• SUPPLIED RECORDS:
(* Let $\omega>0$ and let $\tau:[0,\omega]\to\mathbb{R}$ be a positive function, differentiable on $(0,\omega)$, satisfying $\alpha(x)+\chi(\tau(x))=0$ for all $x\in[0,\omega]$, where $\alpha$ and $\chi$ are convex functions with $\alpha$ increasing and $\chi$ decreasing. Assume there exists $x^*\in(0,\omega)$ with $\tau'(x^* )=\tau(x^* )/x^*$. Then $\frac{x^*}{\tau(x^* )}\ge\frac{y}{\tau(y)}$ for all $y\in[0,\omega]$. *)

From Stdlib Require Import Reals.
Open Scope R_scope.

Definition convex_on (D : R -> Prop) (f : R -> R) : Prop :=
  forall x y t, D x -> D y -> 0 <= t <= 1 ->
    f (t * x + (1 - t) * y) <= t * f x + (1 - t) * f y.

Definition strictly_increasing_on (D : R -> Prop) (f : R -> R) : Prop :=
  forall x y, D x -> D y -> x < y -> f x < f y.

Definition strictly_decreasing_on (D : R -> Prop) (f : R -> R) : Prop :=
  forall x y, D x -> D y -> x < y -> f y < f x.

(** The relation [alpha x + chi (tau x) = 0], with [alpha] convex and [chi]
    convex and decreasing, forces [tau] to be convex.  A convex function lies
    above its tangents, and [tau' xs = tau xs / xs] says that the tangent at
    [xs] is the line [y |-> y * tau xs / xs] through the origin.  Hence
    [tau y >= y * tau xs / xs], i.e. [y / tau y <= xs / tau xs]. *)

From Stdlib Require Import Reals Lra.
Open Scope R_scope.

Lemma convex_on_level_comp (D : R -> Prop) (alpha chi tau : R -> R) :
  (forall x z t, D x -> D z -> 0 <= t <= 1 -> D (t * x + (1 - t) * z)) ->
  (forall x, D x -> 0 < tau x) ->
  convex_on D alpha ->
  convex_on (fun s => 0 < s) chi ->
  strictly_decreasing_on (fun s => 0 < s) chi ->
  (forall x, D x -> alpha x + chi (tau x) = 0) ->
  convex_on D tau.
Proof.
intros HD Hpos Ha Hc Hcd Heq x z t Hx Hz Ht.
set (w := t * x + (1 - t) * z).
assert (Hw : D w) by exact (HD x z t Hx Hz Ht).
pose proof (Hpos x Hx) as Htx; pose proof (Hpos z Hz) as Htz.
assert (Hmid : 0 < t * tau x + (1 - t) * tau z) by nra.
assert (Hchi : chi (t * tau x + (1 - t) * tau z) <= chi (tau w)).
{ pose proof (Hc (tau x) (tau z) t Htx Htz Ht) as Hchi.
  pose proof (Ha x z t Hx Hz Ht) as Halpha; fold w in Halpha.
  replace (chi (tau x)) with (- alpha x) in Hchi by (pose proof (Heq x Hx); lra).
  replace (chi (tau z)) with (- alpha z) in Hchi by (pose proof (Heq z Hz); lra).
  pose proof (Heq w Hw); lra. }
destruct (Rle_lt_dec (tau w) (t * tau x + (1 - t) * tau z)) as [Hle | Hlt];
  [exact Hle |].
pose proof (Hcd _ _ Hmid (Hpos w Hw) Hlt); lra.
Qed.

Lemma derivable_pt_lim_affine (x a : R) :
  derivable_pt_lim (fun t => x + t * a) 0 a.
Proof.
intros eps Heps; exists (mkposreal eps Heps); intros h Hh _.
replace ((x + (0 + h) * a - (x + 0 * a)) / h - a) with 0 by (field; exact Hh).
rewrite Rabs_R0; exact Heps.
Qed.

Lemma derivable_pt_lim_le_of_right (g : R -> R) (l c : R) :
  derivable_pt_lim g 0 l ->
  (forall t, 0 < t <= 1 -> g t - g 0 <= t * c) ->
  l <= c.
Proof.
intros Hd Hq; apply Rnot_lt_le; intro Hcl.
destruct (Hd (l - c) ltac:(lra)) as [delta Hdelta].
pose proof (cond_pos delta) as Hdp.
set (t := Rmin 1 (delta / 2)).
assert (Ht : 0 < t <= 1).
{ split; [apply Rmin_glb_lt; lra | apply Rmin_l]. }
assert (Htd : Rabs t < delta).
{ rewrite Rabs_pos_eq by lra; pose proof (Rmin_r 1 (delta / 2)) as Hr; fold t in Hr; lra. }
pose proof (Hdelta t ltac:(lra) Htd) as Hquot.
rewrite Rplus_0_l in Hquot.
destruct (Rabs_def2 _ _ Hquot) as [_ Hlow].
assert (Hlow' : c * t < g t - g 0).
{ replace (g t - g 0) with ((g t - g 0) / t * t) by (field; lra).
  apply Rmult_lt_compat_r; lra. }
pose proof (Hq t Ht); lra.
Qed.

Lemma convex_on_tangent_le (D : R -> Prop) (f : R -> R) (x y d : R) :
  convex_on D f -> D x -> D y ->
  derivable_pt_lim f x d ->
  f x + d * (y - x) <= f y.
Proof.
intros Hf Hx Hy Hd.
set (g := fun t => f (x + t * (y - x))).
assert (Hg : derivable_pt_lim g 0 (d * (y - x))).
{ apply (derivable_pt_lim_comp (fun t => x + t * (y - x)) f).
  - apply derivable_pt_lim_affine.
  - replace (x + 0 * (y - x)) with x by ring; exact Hd. }
enough (d * (y - x) <= f y - f x) by lra.
apply (derivable_pt_lim_le_of_right g); [exact Hg |].
intros t Ht; unfold g.
replace (x + t * (y - x)) with (t * y + (1 - t) * x) by ring.
replace (x + 0 * (y - x)) with x by ring.
pose proof (Hf y x t Hy Hx ltac:(lra)); lra.
Qed.

Theorem lemma21 (omega : R) (tau alpha chi : R -> R) (xs : R) :
  0 < omega ->
  (forall x, 0 <= x <= omega -> 0 < tau x) ->
  (forall x, 0 < x < omega -> derivable_pt tau x) ->
  convex_on (fun x => 0 <= x <= omega) alpha ->
  strictly_increasing_on (fun x => 0 <= x <= omega) alpha ->
  convex_on (fun s => 0 < s) chi ->
  strictly_decreasing_on (fun s => 0 < s) chi ->
  (forall x, 0 <= x <= omega -> alpha x + chi (tau x) = 0) ->
  0 < xs < omega ->
  derivable_pt_lim tau xs (tau xs / xs) ->
  forall y, 0 <= y <= omega -> xs / tau xs >= y / tau y.
Proof.
intros _ Hpos _ Ha _ Hc Hcd Heq Hxs Hd y Hy.
assert (Hconv : convex_on (fun x => 0 <= x <= omega) tau).
{ apply (convex_on_level_comp _ alpha chi); auto.
  intros x z t Hx Hz Ht; nra. }
assert (Hxs' : 0 <= xs <= omega) by lra.
pose proof (convex_on_tangent_le _ _ _ y _ Hconv Hxs' Hy Hd) as Htan.
pose proof (Hpos y Hy) as Hty; pose proof (Hpos xs Hxs') as Htx.
assert (Hline : tau xs + tau xs / xs * (y - xs) = y * tau xs / xs) by (field; lra).
assert (Hcross : y * tau xs <= xs * tau y).
{ rewrite Hline in Htan; apply Rmult_le_compat_l with (r := xs) in Htan; [|lra].
  replace (xs * (y * tau xs / xs)) with (y * tau xs) in Htan by (field; lra); lra. }
apply Rle_ge.
apply (Rmult_le_reg_r (tau xs * tau y)); [nra |].
replace (y / tau y * (tau xs * tau y)) with (y * tau xs) by (field; lra).
replace (xs / tau xs * (tau xs * tau y)) with (xs * tau y) by (field; lra).
exact Hcross.
Qed.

• AIM OF THE TASK: Generate a verbatim printout of all the entries.

• SOLVED PROBLEM:
(* Let $\omega>0$ and let $\tau:[0,\omega]\to\mathbb{R}$ be a positive function, differentiable on $(0,\omega)$, satisfying $\alpha(x)+\chi(\tau(x))=0$ for all $x\in[0,\omega]$, where $\alpha$ and $\chi$ are convex functions with $\alpha$ increasing and $\chi$ decreasing. Assume there exists $x^*\in(0,\omega)$ with $\tau'(x^* )=\tau(x^* )/x^*$. Then $\frac{x^*}{\tau(x^* )}\ge\frac{y}{\tau(y)}$ for all $y\in[0,\omega]$. *)

From Stdlib Require Import Reals.
Open Scope R_scope.

Definition convex_on (D : R -> Prop) (f : R -> R) : Prop :=
  forall x y t, D x -> D y -> 0 <= t <= 1 ->
    f (t * x + (1 - t) * y) <= t * f x + (1 - t) * f y.

Definition strictly_increasing_on (D : R -> Prop) (f : R -> R) : Prop :=
  forall x y, D x -> D y -> x < y -> f x < f y.

Definition strictly_decreasing_on (D : R -> Prop) (f : R -> R) : Prop :=
  forall x y, D x -> D y -> x < y -> f y < f x.

(** The relation [alpha x + chi (tau x) = 0], with [alpha] convex and [chi]
    convex and decreasing, forces [tau] to be convex.  A convex function lies
    above its tangents, and [tau' xs = tau xs / xs] says that the tangent at
    [xs] is the line [y |-> y * tau xs / xs] through the origin.  Hence
    [tau y >= y * tau xs / xs], i.e. [y / tau y <= xs / tau xs]. *)

From Stdlib Require Import Reals Lra.
Open Scope R_scope.

Lemma convex_on_level_comp (D : R -> Prop) (alpha chi tau : R -> R) :
  (forall x z t, D x -> D z -> 0 <= t <= 1 -> D (t * x + (1 - t) * z)) ->
  (forall x, D x -> 0 < tau x) ->
  convex_on D alpha ->
  convex_on (fun s => 0 < s) chi ->
  strictly_decreasing_on (fun s => 0 < s) chi ->
  (forall x, D x -> alpha x + chi (tau x) = 0) ->
  convex_on D tau.
Proof.
intros HD Hpos Ha Hc Hcd Heq x z t Hx Hz Ht.
set (w := t * x + (1 - t) * z).
assert (Hw : D w) by exact (HD x z t Hx Hz Ht).
pose proof (Hpos x Hx) as Htx; pose proof (Hpos z Hz) as Htz.
assert (Hmid : 0 < t * tau x + (1 - t) * tau z) by nra.
assert (Hchi : chi (t * tau x + (1 - t) * tau z) <= chi (tau w)).
{ pose proof (Hc (tau x) (tau z) t Htx Htz Ht) as Hchi.
  pose proof (Ha x z t Hx Hz Ht) as Halpha; fold w in Halpha.
  replace (chi (tau x)) with (- alpha x) in Hchi by (pose proof (Heq x Hx); lra).
  replace (chi (tau z)) with (- alpha z) in Hchi by (pose proof (Heq z Hz); lra).
  pose proof (Heq w Hw); lra. }
destruct (Rle_lt_dec (tau w) (t * tau x + (1 - t) * tau z)) as [Hle | Hlt];
  [exact Hle |].
pose proof (Hcd _ _ Hmid (Hpos w Hw) Hlt); lra.
Qed.

Lemma derivable_pt_lim_affine (x a : R) :
  derivable_pt_lim (fun t => x + t * a) 0 a.
Proof.
intros eps Heps; exists (mkposreal eps Heps); intros h Hh _.
replace ((x + (0 + h) * a - (x + 0 * a)) / h - a) with 0 by (field; exact Hh).
rewrite Rabs_R0; exact Heps.
Qed.

Lemma derivable_pt_lim_le_of_right (g : R -> R) (l c : R) :
  derivable_pt_lim g 0 l ->
  (forall t, 0 < t <= 1 -> g t - g 0 <= t * c) ->
  l <= c.
Proof.
intros Hd Hq; apply Rnot_lt_le; intro Hcl.
destruct (Hd (l - c) ltac:(lra)) as [delta Hdelta].
pose proof (cond_pos delta) as Hdp.
set (t := Rmin 1 (delta / 2)).
assert (Ht : 0 < t <= 1).
{ split; [apply Rmin_glb_lt; lra | apply Rmin_l]. }
assert (Htd : Rabs t < delta).
{ rewrite Rabs_pos_eq by lra; pose proof (Rmin_r 1 (delta / 2)) as Hr; fold t in Hr; lra. }
pose proof (Hdelta t ltac:(lra) Htd) as Hquot.
rewrite Rplus_0_l in Hquot.
destruct (Rabs_def2 _ _ Hquot) as [_ Hlow].
assert (Hlow' : c * t < g t - g 0).
{ replace (g t - g 0) with ((g t - g 0) / t * t) by (field; lra).
  apply Rmult_lt_compat_r; lra. }
pose proof (Hq t Ht); lra.
Qed.

Lemma convex_on_tangent_le (D : R -> Prop) (f : R -> R) (x y d : R) :
  convex_on D f -> D x -> D y ->
  derivable_pt_lim f x d ->
  f x + d * (y - x) <= f y.
Proof.
intros Hf Hx Hy Hd.
set (g := fun t => f (x + t * (y - x))).
assert (Hg : derivable_pt_lim g 0 (d * (y - x))).
{ apply (derivable_pt_lim_comp (fun t => x + t * (y - x)) f).
  - apply derivable_pt_lim_affine.
  - replace (x + 0 * (y - x)) with x by ring; exact Hd. }
enough (d * (y - x) <= f y - f x) by lra.
apply (derivable_pt_lim_le_of_right g); [exact Hg |].
intros t Ht; unfold g.
replace (x + t * (y - x)) with (t * y + (1 - t) * x) by ring.
replace (x + 0 * (y - x)) with x by ring.
pose proof (Hf y x t Hy Hx ltac:(lra)); lra.
Qed.

Theorem lemma21 (omega : R) (tau alpha chi : R -> R) (xs : R) :
  0 < omega ->
  (forall x, 0 <= x <= omega -> 0 < tau x) ->
  (forall x, 0 < x < omega -> derivable_pt tau x) ->
  convex_on (fun x => 0 <= x <= omega) alpha ->
  strictly_increasing_on (fun x => 0 <= x <= omega) alpha ->
  convex_on (fun s => 0 < s) chi ->
  strictly_decreasing_on (fun s => 0 < s) chi ->
  (forall x, 0 <= x <= omega -> alpha x + chi (tau x) = 0) ->
  0 < xs < omega ->
  derivable_pt_lim tau xs (tau xs / xs) ->
  forall y, 0 <= y <= omega -> xs / tau xs >= y / tau y.
Proof.
intros _ Hpos _ Ha _ Hc Hcd Heq Hxs Hd y Hy.
assert (Hconv : convex_on (fun x => 0 <= x <= omega) tau).
{ apply (convex_on_level_comp _ alpha chi); auto.
  intros x z t Hx Hz Ht; nra. }
assert (Hxs' : 0 <= xs <= omega) by lra.
pose proof (convex_on_tangent_le _ _ _ y _ Hconv Hxs' Hy Hd) as Htan.
pose proof (Hpos y Hy) as Hty; pose proof (Hpos xs Hxs') as Htx.
assert (Hline : tau xs + tau xs / xs * (y - xs) = y * tau xs / xs) by (field; lra).
assert (Hcross : y * tau xs <= xs * tau y).
{ rewrite Hline in Htan; apply Rmult_le_compat_l with (r := xs) in Htan; [|lra].
  replace (xs * (y * tau xs / xs)) with (y * tau xs) in Htan by (field; lra); lra. }
apply Rle_ge.
apply (Rmult_le_reg_r (tau xs * tau y)); [nra |].
replace (y / tau y * (tau xs * tau y)) with (y * tau xs) by (field; lra).
replace (xs / tau xs * (tau xs * tau y)) with (xs * tau y) by (field; lra).
exact Hcross.
Qed.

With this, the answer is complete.